# Using sawdust for landscaping



## Scuba_Dave (Jan 16, 2009)

Mix it with grass clippings/leaves & put it somewhere to compost


----------



## downunder (Jun 13, 2008)

Or use it as a light mulch. It is not very attractive in most uses. You could mix it in some soil and leave it to break down- but do not use it fresh in the soil where you are planting. It needs to break down first.

Or do as SD suggested. Just depends on which is more convenient in your particular situation.


----------



## tripower (Nov 16, 2006)

downunder said:


> Or use it as a light mulch. It is not very attractive in most uses. You could mix it in some soil and leave it to break down- but do not use it fresh in the soil where you are planting. It needs to break down first.
> 
> Or do as SD suggested. Just depends on which is more convenient in your particular situation.

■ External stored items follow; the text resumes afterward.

(* Let $\Gamma\le N-1$. Consider the three problems: (P$_\Gamma$) $\displaystyle\min_{\bm w\in\widehat{\mathcal V},\,\bm y\in\mathbb R^{N-1}}\bm w^\top\bar{\bm g}$ s.t. $w_i-(\bm c_{[N-1]})_i\in[-y_i\underline v_i,\,y_i\bar v_i]$ ($i\in[N-1]$), $0\le y_i\le1$, $\bm e^\top\bm y=\Gamma$; (L$_\Gamma$) $\displaystyle\max\ I_2(\bm\eta,\bm\theta)+I_1(\underline{\bm\lambda},\bar{\bm\lambda},\Gamma)$ over $(\underline{\bm\lambda},\bar{\bm\lambda},\beta,\bm\eta,\bm\theta)$ satisfying $\bar{\bm g}-\underline{\bm\lambda}+\bar{\bm\lambda}+\beta\bm e-\bm\eta+\sum_{m=1}^M\theta_mh_m\bm\Delta^m=\bm 0$, $\underline{\bm\lambda},\bar{\bm\lambda},\bm\eta,\bm\theta\ge0$, where $I_2(\bm\eta,\bm\theta):=\bm c_{[N-1]}^\top\bar{\bm g}-\bm\eta^\top\bm c_{[N-1]}+\sum_{m=1}^M\theta_mh_m\bm c_{[N-1]}^\top\bm\Delta^m$ and $I_1(\underline{\bm\lambda},\bar{\bm\lambda},\Gamma):=\min\{\sum_{i=1}^{N-1}y_i(-(\underline\lambda_i\underline v_i+\bar\lambda_i\bar v_i)):0\le y_i\le1,\ \bm e^\top\bm y=\Gamma\}$; (D$_\Gamma$) $\displaystyle\max\ \bm c_{[N-1]}^\top\bar{\bm g}-\bm\eta^\top\bm c_{[N-1]}-\sum_{i=1}^{N-1}\tau_i-\tau_0\Gamma+\sum_{m=1}^M\theta_mh_m\bm c_{[N-1]}^\top\bm\Delta^m$ over $\underline{\bm\lambda},\bar{\bm\lambda},\bm\eta,\bm\tau\in\mathbb R^{N-1}$, $\beta,\tau_0\in\mathbb R$, $\bm\theta\in\mathbb R^M$ subject to $\bar{\bm g}-\underline{\bm\lambda}+\bar{\bm\lambda}+\beta\bm e-\bm\eta+\sum_{m=1}^M\theta_mh_m\bm\Delta^m=\bm 0$, $-\underline\lambda_i\underline v_i-\bar\lambda_i\bar v_i+\tau_i+\tau_0\ge0$ ($i\in[N-1]$), $\underline{\bm\lambda},\bar{\bm\lambda},\bm\eta,\bm\theta,\bm\tau\ge0$. Then (P$_\Gamma$) and (L$_\Gamma$) can both be reformulated as (D$_\Gamma$): their optimal values coincide with the optimal value of (D$_\Gamma$).
   Context: Let $N\ge3$ be an integer and $\underline x=x_1<x_2<\cdots<x_N=\bar x$ real numbers; $\bm e$ denotes the all-ones vector of the appropriate dimension. Define $\bm g:[\underline x,\bar x]\to\mathbb R^{N-1}$ by $\bm g(x_1)=\bm 0$ and, for $x\in(x_i,x_{i+1}]$ ($i\in\{1,\dots,N-1\}$), $\bm g(x)=(1,\dots,1,\frac{x-x_i}{x_{i+1}-x_i},0,\dots,0)$ with the first $i-1$ entries equal to $1$, the $i$-th entry $\frac{x-x_i}{x_{i+1}-x_i}$ and the last $N-1-i$ entries $0$. For $\bm v\in\mathbb R^{N-2}$ let $\bm R\bm v:=(v_1,\dots,v_{N-2},1-\bm e^\top\bm v)\in\mathbb R^{N-1}$. Let $\bm z\in\mathbb R^n$ and $\bm\xi^1,\dots,\bm\xi^K\in\mathbb R^n$ with $\bm z^\top\bm\xi^k\in[\underline x,\bar x]$ (the distribution of $\bm\xi$ puts mass $1/K$ on each $\bm\xi^k$), and $\bar{\bm g}:=\frac1K\sum_{k=1}^K\bm g(\bm z^\top\bm\xi^k)$. Let $M\ge1$ and, for $m=1,\dots,M$, let $r_1^m\le r_3^m$ and $r_2^m$ lie in $[\underline x,\bar x]$, $p^m\in[0,1]$, $h_m\in\{-1,1\}$, and $\bm\Delta^m:=(1-p^m)\bm g(r_1^m)+p^m\bm g(r_3^m)-\bm g(r_2^m)$. Let $\mathcal V:=\{\bm v\in\mathbb R^{N-2}:\bm v\ge0,\ \bm e^\top\bm v\le1,\ h_m(\bm R\bm v)^\top\bm\Delta^m\le0,\ m\in[M]\}$, assumed to have nonempty interior, let $\bm c\in\mathbb R^{N-2}$ be its analytic center (maximizer over the interior of the sum of the logarithms of the slacks of the defining inequalities) and $\bm c_{[N-1]}:=\bm R\bm c$ (so $\bm e^\top\bm c_{[N-1]}=1$). For $i\in[N-1]$ let $\underline v_i:=-\min\{(\bm R\bm v)_i-(\bm c_{[N-1]})_i:\bm v\in\mathcal V\}$ and $\bar v_i:=\max\{(\bm R\bm v)_i-(\bm c_{[N-1]})_i:\bm v\in\mathcal V\}$. Let $\widehat{\mathcal V}:=\{\bm w\in\mathbb R^{N-1}_+:\bm e^\top\bm w=1,\ h_m\bm w^\top\bm\Delta^m\le0,\ m\in[M]\}$. Optimal values are understood in the extended reals. *)

From HB Require Import structures.
From mathcomp Require Import all_boot all_order all_algebra.
From mathcomp Require Import all_classical all_reals all_analysis.
Set Implicit Arguments.
Unset Strict Implicit.
Unset Printing Implicit Defensive.
Import Order.TTheory GRing.Theory Num.Theory.
Local Open Scope ring_scope.
Local Open Scope classical_set_scope.

Section Defs.
Variable R : realType.

Definition dot (k : nat) (u v : 'I_k -> R) : R := \sum_(i < k) u i * v i.

(* Breakpoints are
   0-indexed: xs 0 < xs 1 < ... < xs N.-1.  Entry j (0-indexed) of g x is
   1 if x >= xs (j+1), 0 if x <= xs j, and (x - xs j)/(xs (j+1) - xs j) otherwise;
   this is exactly the paper's g on (x_i, x_{i+1}] and g(x_1) = 0. *)
Definition gfun (N : nat) (xs : nat -> R) (x : R) : 'I_N.-1 -> R :=
  fun j => if x <= xs j then 0
           else if xs j.+1 <= x then 1
           else (x - xs j) / (xs j.+1 - xs j).

(* R v := (v_1, ..., v_{N-2}, 1 - e^T v) *)
Definition Rmap (N : nat) (v : 'I_N.-2 -> R) : 'I_N.-1 -> R :=
  fun j => oapp v (1 - \sum_(k < N.-2) v k) (insub (nat_of_ord j) : option 'I_N.-2).

Definition Delta (N : nat) (xs : nat -> R) (p r1 r2 r3 : R) : 'I_N.-1 -> R :=
  fun j => (1 - p) * @gfun N xs r1 j + p * @gfun N xs r3 j - @gfun N xs r2 j.

Definition Vset (N M : nat) (h : 'I_M -> R) (Dl : 'I_M -> 'I_N.-1 -> R)
  : set ('I_N.-2 -> R) :=
  [set v | (forall i, 0 <= v i) /\ \sum_(i < N.-2) v i <= 1 /\
           (forall m, h m * dot (Rmap v) (Dl m) <= 0)].

Definition Vhat (N M : nat) (h : 'I_M -> R) (Dl : 'I_M -> 'I_N.-1 -> R)
  : set ('I_N.-1 -> R) :=
  [set w | (forall i, 0 <= w i) /\ \sum_(i < N.-1) w i = 1 /\
           (forall m, h m * dot w (Dl m) <= 0)].

(* v is an interior point of S (interior in R^k w.r.t. the sup norm,
   equivalently any norm) *)
Definition interior_pt (k : nat) (S : set ('I_k -> R)) (v : 'I_k -> R) : Prop :=
  exists2 e : R, 0 < e & forall u, (forall i, `|u i - v i| < e) -> S u.

Definition logbarrier (N M : nat) (h : 'I_M -> R) (Dl : 'I_M -> 'I_N.-1 -> R)
  (v : 'I_N.-2 -> R) : R :=
  \sum_(i < N.-2) ln (v i) + ln (1 - \sum_(i < N.-2) v i)
  + \sum_(m < M) ln (- (h m * dot (Rmap v) (Dl m))).

Definition analytic_center (N M : nat) (h : 'I_M -> R) (Dl : 'I_M -> 'I_N.-1 -> R)
  (c : 'I_N.-2 -> R) : Prop :=
  interior_pt (Vset h Dl) c /\
  forall v, interior_pt (Vset h Dl) v -> logbarrier h Dl v <= logbarrier h Dl c.

Definition vlow (N M : nat) (h : 'I_M -> R) (Dl : 'I_M -> 'I_N.-1 -> R)
  (cR : 'I_N.-1 -> R) (i : 'I_N.-1) : R :=
  - inf [set Rmap v i - cR i | v in Vset h Dl].

Definition vup (N M : nat) (h : 'I_M -> R) (Dl : 'I_M -> 'I_N.-1 -> R)
  (cR : 'I_N.-1 -> R) (i : 'I_N.-1) : R :=
  sup [set Rmap v i - cR i | v in Vset h Dl].

Definition budget (k : nat) (Gamma : R) (y : 'I_k -> R) : Prop :=
  (forall i, 0 <= y i <= 1) /\ \sum_(i < k) y i = Gamma.

Definition val_P (N M : nat) (h : 'I_M -> R) (Dl : 'I_M -> 'I_N.-1 -> R)
  (gbar cR vl vu : 'I_N.-1 -> R) (Gamma : R) : \bar R :=
  ereal_inf [set r | exists (w y : 'I_N.-1 -> R),
    [/\ Vhat h Dl w,
        (forall i, - (y i * vl i) <= w i - cR i <= y i * vu i),
        budget Gamma y &
        r = (dot w gbar)%:E]].

Definition I1 (k : nat) (lamL lamU vl vu : 'I_k -> R) (Gamma : R) : \bar R :=
  ereal_inf [set (\sum_(i < k) y i * (- (lamL i * vl i + lamU i * vu i)))%:E
            | y in budget Gamma].

Definition I2 (N M : nat) (h : 'I_M -> R) (Dl : 'I_M -> 'I_N.-1 -> R)
  (gbar cR : 'I_N.-1 -> R) (eta : 'I_N.-1 -> R) (theta : 'I_M -> R) : R :=
  dot cR gbar - dot eta cR + \sum_(m < M) theta m * h m * dot cR (Dl m).

Definition eq_constr (N M : nat) (h : 'I_M -> R) (Dl : 'I_M -> 'I_N.-1 -> R)
  (gbar lamL lamU : 'I_N.-1 -> R) (beta : R) (eta : 'I_N.-1 -> R)
  (theta : 'I_M -> R) : Prop :=
  forall i, gbar i - lamL i + lamU i + beta - eta i
            + \sum_(m < M) theta m * h m * Dl m i = 0.

Definition val_L (N M : nat) (h : 'I_M -> R) (Dl : 'I_M -> 'I_N.-1 -> R)
  (gbar cR vl vu : 'I_N.-1 -> R) (Gamma : R) : \bar R :=
  ereal_sup [set r | exists (lamL lamU : 'I_N.-1 -> R) (beta : R)
                            (eta : 'I_N.-1 -> R) (theta : 'I_M -> R),
    [/\ eq_constr h Dl gbar lamL lamU beta eta theta,
        (forall i, 0 <= lamL i) /\ (forall i, 0 <= lamU i),
        (forall i, 0 <= eta i) /\ (forall m, 0 <= theta m) &
        r = ((I2 h Dl gbar cR eta theta)%:E + I1 lamL lamU vl vu Gamma)%E]].

Definition val_D (N M : nat) (h : 'I_M -> R) (Dl : 'I_M -> 'I_N.-1 -> R)
  (gbar cR vl vu : 'I_N.-1 -> R) (Gamma : R) : \bar R :=
  ereal_sup [set r | exists (lamL lamU eta tau : 'I_N.-1 -> R) (beta tau0 : R)
                            (theta : 'I_M -> R),
    [/\ eq_constr h Dl gbar lamL lamU beta eta theta,
        (forall i, - (lamL i * vl i) - lamU i * vu i + tau i + tau0 >= 0),
        (forall i, 0 <= lamL i) /\ (forall i, 0 <= lamU i),
        (forall i, 0 <= eta i) /\ (forall m, 0 <= theta m) /\ (forall i, 0 <= tau i) &
        r = (dot cR gbar - dot eta cR - \sum_(i < N.-1) tau i - tau0 * Gamma
             + \sum_(m < M) theta m * h m * dot cR (Dl m))%:E]].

What about around trees or azaleas (existing)?


----------



## Scuba_Dave (Jan 16, 2009)

I've used sawdust around different areas before
So long as it isn't too thick - or if you can mix it in with what's there
Most of my sawdust goes out around my son's play area


----------



## Leah Frances (Jan 13, 2008)

Sawdust and wood chips do not compost well. Do not mix them with compost, unless you like sawdust and wood chips in your compost.

I just spread a cubic yard of recently chipped spruce stump (RIP) around my azaleas. It's not the worlds most attractive mulch, but it will help to keep the weeds down and protect them.


----------



## Yoyizit (Jul 11, 2008)

It may attract termites.


----------